I’ve been thinking of how you and I came to know one another at Yasnaya Polyana, by
fits and starts and in the teeth of your (understandable) hostility. Along the way I seem to recall that we discussed our families a little – your aristocratic one, certainly; your husband and son; also my wife, and the brother I lost in the First World War. The members of my family I don’t recall mentioning to you were my mother and father, no doubt because there wasn’t much to tell. They were simple, hardworking country people, and I only mention them now because writing to you has reminded me of an incident in my mother’s life – perhaps ‘development’ would be a better term – soon after my father’s death in 1928. My mother was younger than my father and only forty-nine when he died, and although she had loved him in her way she was a self-contained woman who, I suspected, half-welcomed her widowhood. Certainly it didn’t cross my mind she would ever remarry, and so I was startled six months after my father’s death when she told me an ‘old admirer’ had been in touch, a former schoolmate who long ago had moved to Nuremberg. This admirer, who had also been widowed, had heard of my father’s death and had written to my mother expressing his condolences, adding that he would like to meet up with her ‘for old times’ sake’. As she told me all this, her manner was unlike anything I’d ever seen in her before, a blend of bashfulness, defiance and pride.

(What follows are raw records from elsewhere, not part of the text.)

Definition P_BM (n : nat) (F : ('I_n -> R) -> R) : Prop :=
  nonneg_fun F /\
  forall (X : 'I_n -> Type) (d : forall i, X i -> X i -> R),
    (forall i, is_bmetric (d i)) -> is_metric (prodD d F).

Definition P_M (n : nat) (F : ('I_n -> R) -> R) : Prop :=
  nonneg_fun F /\
  forall (X : 'I_n -> Type) (d : forall i, X i -> X i -> R),
    (forall i, is_metric (d i)) -> is_metric (prodD d F).

Definition P_MB (n : nat) (F : ('I_n -> R) -> R) : Prop :=
  nonneg_fun F /\
  forall (X : 'I_n -> Type) (d : forall i, X i -> X i -> R),
    (forall i, is_metric (d i)) -> is_bmetric (prodD d F).

Definition P_B (n : nat) (F : ('I_n -> R) -> R) : Prop :=
  nonneg_fun F /\
  forall (X : 'I_n -> Type) (d : forall i, X i -> X i -> R),
    (forall i, is_bmetric (d i)) -> is_bmetric (prodD d F).

(* Every metric is a b-metric, which gives the inclusions.  Both strict
   inclusions are witnessed by F(v) = phi(v_0) + [v <> 0] with phi(t) = t and
   phi(t) = t^2: the indicator adds the discrete metric, which makes D definite,
   and phi decides which triangle inequality survives.

   For P_MB = P_B, every triangle with sides (a, b, c) embeds isometrically into
   (R^3, sup-distance); applying the hypothesis to products of copies of that
   space shows that F in P_MB satisfies F(a) <= K (F(b) + F(c)) whenever
   (a_i, b_i, c_i) are the sides of a triangle for each i.  Hence
   F(x) <= (2K)^(m+1) F(y) whenever 0 <= x <= 2^m y, and splitting a <= 2^m (b + c)
   as min(a, 2^m b) + (a - min(a, 2^m b)) yields a relaxed triangle inequality
   for D on any product of b-metric spaces whose constants are at most 2^m. *)
From Stdlib Require Import Reals Lra.
From Stdlib Require Import ClassicalDescription FunctionalExtensionality.
From mathcomp Require Import all_boot.

Set Implicit Arguments.
Unset Strict Implicit.

Local Open Scope R_scope.

Definition is_semimetric (X : Type) (d : X -> X -> R) : Prop :=
  (forall x y, 0 <= d x y) /\ (forall x y, d x y = 0 <-> x = y) /\
  (forall x y, d x y = d y x).

Lemma bmetric_K_semimetric (X : Type) (d : X -> X -> R) (K : R) :
  is_bmetric_K d K -> is_semimetric d.
Proof. by case=> _ [d_ge0 [d_eq0 [d_sym _]]]; split; [|split]. Qed.

Lemma semimetric_bmetric_K (X : Type) (d : X -> X -> R) (K : R) :
  is_semimetric d -> 1 <= K -> (forall x y z, d x z <= K * (d x y + d y z)) ->
  is_bmetric_K d K.
Proof.
  case=> d_ge0 [d_eq0 d_sym] K_ge1 d_tri.
  exact: conj K_ge1 (conj d_ge0 (conj d_eq0 (conj d_sym d_tri))).
Qed.

Lemma metric_bmetric (X : Type) (d : X -> X -> R) : is_metric d -> is_bmetric d.
Proof. by exists 1. Qed.

Lemma bmetric_K_weaken (X : Type) (d : X -> X -> R) (K K' : R) :
  is_bmetric_K d K -> K <= K' -> is_bmetric_K d K'.
Proof.
  move=> dK le_KK'; have d_semi := bmetric_K_semimetric dK.
  case: dK => K_ge1 [d_ge0 [_ [_ d_tri]]].
  apply: semimetric_bmetric_K => [//||x y z]; first lra.
  have := d_tri x y z; have := d_ge0 x y; have := d_ge0 y z; nra.
Qed.

Lemma bmetric_pow2 (X : Type) (d : X -> X -> R) :
  is_bmetric d -> exists m : nat, is_bmetric_K d (2 ^ m).
Proof.
  case=> K dK; have [m Hm] := Pow_x_infinity 2 ltac:(rewrite Rabs_right; lra) K.
  exists m; apply: (bmetric_K_weaken dK).
  have := Hm m (le_n m); rewrite Rabs_right; first lra.
  by apply/Rle_ge/pow_le; lra.
Qed.

Lemma bmetric_common_pow2 (n : nat) (X : 'I_n -> Type)
    (d : forall i, X i -> X i -> R) :
  (forall i, is_bmetric (d i)) -> exists m : nat, forall i, is_bmetric_K (d i) (2 ^ m).
Proof.
  move=> d_b; have [m Hm] := fin_all_exists (fun i => bmetric_pow2 (d_b i)).
  exists (\max_i m i)%N => i; apply: (bmetric_K_weaken (Hm i)).
  by apply: Rle_pow; [lra | apply/leP/leq_bigmax].
Qed.

Lemma metric_sq_bmetric (X : Type) (d : X -> X -> R) :
  is_metric d -> is_bmetric_K (fun x y => d x y ^ 2) 2.
Proof.
  move=> d_metric; have [d_ge0 [d_eq0 d_sym]] := bmetric_K_semimetric d_metric.
  case: d_metric => _ [_ [_ [_ d_tri]]].
  apply: semimetric_bmetric_K; [split; [|split] | lra |].
  - by move=> x y; apply: pow2_ge_0.
  - move=> x y; rewrite -d_eq0; split=> [?|->]; [nra | ring].
  - by move=> x y; rewrite d_sym.
  - move=> x y z.
    have : d x z ^ 2 <= (d x y + d y z) ^ 2.
      apply: pow_incr; split; first exact: d_ge0.
      by rewrite -[_ + _]Rmult_1_l; apply: d_tri.
    have := pow2_ge_0 (d x y - d y z); nra.
Qed.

She wanted my blessing, I assumed – was perhaps even asking my permission – and once I got over my initial shock I gave it to her, declaring with more enthusiasm than I really felt that she should certainly meet this fellow if she wanted to; she was a free woman; she should follow her heart. Her response was scornful. She would write to him, she said, but the past was the past and there was no sense in them meeting. And that’s what happened: they wrote but didn’t meet – not for several more years, in any case, by which time the admirer had married someone else.